TRACKING TASK. In this task, participants tracked a moving target with their hand cursor on the horizontal work surface. Both the target and hand cursor were 0.75 cm in radius. The trajectory of the target was determined using a sum of 5 sine-wave functions of different frequencies (0.36, 0.45, 0.63, 0.81, 0.90 Hz). This composite function created a smooth motion that was sufficiently unpredictable to discourage memorization of the target trajectory (Fig. 1C). The velocity of the target varied continuously between 1.2 and 104 cm/s with a mean of 44.7 cm/s and SD of 22.0 cm/s. The start position of each trial was determined in a similar manner as in the reaching task. Each session consisted of 16 trials of 35 s each. Visual feedback of hand position was rotated about the start position to produce a visuomotor rotation. Subjects were instructed simply to track the target as closely as possible.
DRAWING TASK. In each trial, a figure-eight template in one of four orientations (0°, 45°, 90°, 135°) was presented 25 cm in front of the participants together with a red circle that indicated the starting position for the movement. Participants began each trial by positioning their hand cursor at this starting position and proceeded to copy the figure-eight template, which remained visible throughout the trial. They were encouraged to draw the figure-eight in "one fast and smooth motion" and to avoid any deliberate corrective adjustments. The orientation of the templates progressed sequentially from 0° to 135° over trials. Each session consisted of 120 trials or 30 cycles of 4 trials from 0° to 135°.
Procedure
Visuomotor rotations of +30° and 30° were used in different conditions for this study. In each case, the hand cursor presented to the participants was rotated around the start position in each task. For example, participants who performed the reaching task under a +30° visuomotor rotation were shown a hand cursor that was rotated 30° counterclockwise from the true hand position. To compensate for the transformation, these participants had to make movements directed 30° clockwise from their natural movements.
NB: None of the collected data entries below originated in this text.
(* Consider the algorithm OMM run on a matroid bandit $(M,P)$, and fix any episode $t\ge 1$. Let $\pi_t$ be a bijection given for the bases $A^*$ and $A^t$ (with the orderings described in the context) with the properties that $\{a^t_1,\dots,a^t_{k-1},a^*_{\pi_t(k)}\}\in\mathcal I$ for all $k$ and $\pi_t(k)=i$ whenever $a^t_k=a^*_i$. Define $\mathbb 1_{e,k}(t)=\mathbf 1[\exists i: a^t_i=e,\ \pi_t(i)=k]$. Then, with $w\sim P$ independent of $A^t$, $$\mathbb E_{w}\big[f(A^*,w)-f(A^t,w)\big]\le\sum_{e\in\bar A^*}\sum_{k=1}^{K_e}\Delta_{e,k}\,\mathbb 1_{e,k}(t).$$ Moreover, whenever $\mathbb 1_{e,k}(t)=1$ we have $U_t(e)\ge U_t(a^*_k)$; and $$\sum_{e\in\bar A^*}\sum_{k=1}^{K_e}\mathbb 1_{e,k}(t)\le K,\qquad \sum_{k=1}^{K_e}\mathbb 1_{e,k}(t)\le 1\ \text{ for every } e\in\bar A^*.$$
   Context: A matroid $M=(E,\mathcal I)$ has ground set $E=\{1,\dots,L\}$ and rank $K$ (all bases, i.e. maximal independent sets, have cardinality $K$). For $X\in\mathcal I$ let $E(X)=\{e\in E\setminus X: X\cup\{e\}\in\mathcal I\}$. For $A\subseteq E$ and $w\in\mathbb R^L$ let $f(A,w)=\sum_{e\in A}w(e)$. A matroid bandit is a pair $(M,P)$ where $M$ is a known matroid and $P$ is an unknown probability distribution on $[0,1]^L$ (no independence between coordinates is assumed); $\bar w=\mathbb E_{w\sim P}[w]$. Weight vectors $w_0,w_1,w_2,\dots$ are drawn i.i.d. from $P$. $A^*=\{a^*_1,\dots,a^*_K\}$ is a fixed basis maximizing $f(A,\bar w)$ over $A\in\mathcal I$, indexed so that $\bar w(a^*_1)\ge\dots\ge\bar w(a^*_K)$; $\bar A^*=E\setminus A^*$ is the set of suboptimal items. For $e\in\bar A^*$ and $k\in\{1,\dots,K\}$, $\Delta_{e,k}=\bar w(a^*_k)-\bar w(e)$, and $K_e=|\{k:\Delta_{e,k}>0\}|$ (so $\Delta_{e,k}>0$ iff $k\le K_e$). Algorithm OMM (Optimistic Matroid Maximization): Initialization: observe $w_0$, set $\hat w_{e,1}=w_0(e)$ and $T_e(0)=1$ for all $e\in E$. For episodes $t=1,\dots,n$: compute $U_t(e)=\hat w_{e,T_e(t-1)}+c_{t-1,T_e(t-1)}$ for all $e$, where $c_{t,s}=\sqrt{2\log(t)/s}$ (with $c_{0,s}=0$); order the items as $e^t_1,\dots,e^t_L$ with $U_t(e^t_1)\ge\dots\ge U_t(e^t_L)$; start with $A^t=\emptyset$ and for $i=1,\dots,L$ add $e^t_i$ to $A^t$ if $e^t_i\in E(A^t)$. Then observe $w_t(e)$ for all $e\in A^t$ (semi-bandit feedback); set $T_e(t)=T_e(t-1)+\mathbf 1[e\in A^t]$, and for $e\in A^t$ update $\hat w_{e,T_e(t)}=\big(T_e(t-1)\hat w_{e,T_e(t-1)}+w_t(e)\big)/T_e(t)$; thus $\hat w_{e,s}$ is the average of the first $s$ observed weights of item $e$ and $T_e(t)$ is the number of observations of $e$ after episode $t$. The chosen basis is written $A^t=\{a^t_1,\dots,a^t_K\}$, where $a^t_k$ is the $k$-th item added to $A^t$ in episode $t$. *)

From HB Require Import structures.
From Stdlib Require Import Reals.
From mathcomp Require Import all_boot.
Set Implicit Arguments. Unset Strict Implicit. Unset Printing Implicit Defensive.

HB.instance Definition _ := Monoid.isComLaw.Build R R0 Rplus (fun x y z => esym (Rplus_assoc x y z)) Rplus_comm Rplus_0_l.
Lemma aut_prod_inj (I : {set 'I_k}) : injective (aut_prod sigma I).
Proof.
rewrite /aut_prod; elim: (enum I) => [|i s IHs] //=.
exact: inj_comp (inv_inj (sigmaK i)) IHs.
Qed.

Lemma cayley_common_eigenbasis :
  (forall i, is_group_aut (sigma i)) ->
  (forall i j x, sigma i (sigma j x) = sigma j (sigma i x)) ->
  undirected (cayley_adj S) -> (forall i, undirected (twisted_adj S (sigma i))) ->
  exists Q a (e : 'I_k -> 'rV_#|gT|), [/\ Q \in unitmx,
    Q *m cayley_adj S = diag_mx a *m Q &
    forall i, Q *m fun_mx (sigma i) = diag_mx (e i) *m Q].
Proof.
move=> sigma_aut sigma_comm S_und S_und_tw.
have A_comm i : cayley_adj S *m fun_mx (sigma i) = fun_mx (sigma i) *m cayley_adj S.
  apply: cayley_adj_fun_mx_comm (sigma_aut i) (sigmaK i) _.
  exact: undirected_twist_stable (sigma_aut i) (sigmaK i) S_und (S_und_tw i).
have [Q Qu Q_diag] :
    codiagonalizable (cayley_adj S :: [seq fun_mx (sigma i) | i <- enum 'I_k]).
  apply/codiagonalizableP; split.
    move=> M N; rewrite !inE /comm_mx.
    move=> /predU1P [->|/mapP [i _ ->]] /predU1P [->|/mapP [j _ ->]] //.
    by rewrite !fun_mxM; apply: eq_fun_mx => x /=; rewrite sigma_comm.
  move=> M; rewrite inE => /predU1P [->|/mapP [i _ ->]]; last exact: fun_mx_diagonalizable.
  exact: real_symmetric_diagonalizable S_und (adjmx_real _).
exists Q, (\row_j conjmx Q (cayley_adj S) j j).
exists (fun i => \row_j conjmx Q (fun_mx (sigma i)) j j); split=> [//||i].
- by apply: similar_diag_mulmx => //; apply: (allP Q_diag); rewrite mem_head.
- apply: similar_diag_mulmx => //; apply: (allP Q_diag).
  by rewrite inE map_f ?orbT ?mem_enum.
Qed.

Section CommonEigenbasis.
Variables (Q : 'M[algC]_#|gT|) (a : 'rV[algC]_#|gT|) (e : 'I_k -> 'rV[algC]_#|gT|).
Hypotheses (Qu : Q \in unitmx) (Q_cayley : Q *m cayley_adj S = diag_mx a *m Q).
Hypothesis Q_sigma : forall i, Q *m fun_mx (sigma i) = diag_mx (e i) *m Q.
Participants in groups 1, 2, and 3 all performed 30 cycles of the reaching task under a +30° visuomotor rotation on successive days (day 1 and day 2). Five minutes after completing the reaching task under the +30° rotation on day 1, participants in all three groups then experienced a 30° rotation. However, each group experienced this opposite rotation in a different task with groups 1, 2, and 3 performing 30 cycles in the reaching, tracking, and drawing tasks, respectively. During the 5 min between tasks, subjects remained in the apparatus and rested. Although they were not explicitly instructed to remain immobile, we did not observe any subjects making many arm movements during the break. Participants in group 4 also performed 30 cycles of the reaching tasks under the +30° rotation on successive days. However, these participants did not experience a second, opposite rotation on day 1. Thus group 4 served as a control that enabled us to evaluate possible retrograde interference effects attributed to experiencing the 30° rotation, in the different tasks, after the +30° rotation on day 1.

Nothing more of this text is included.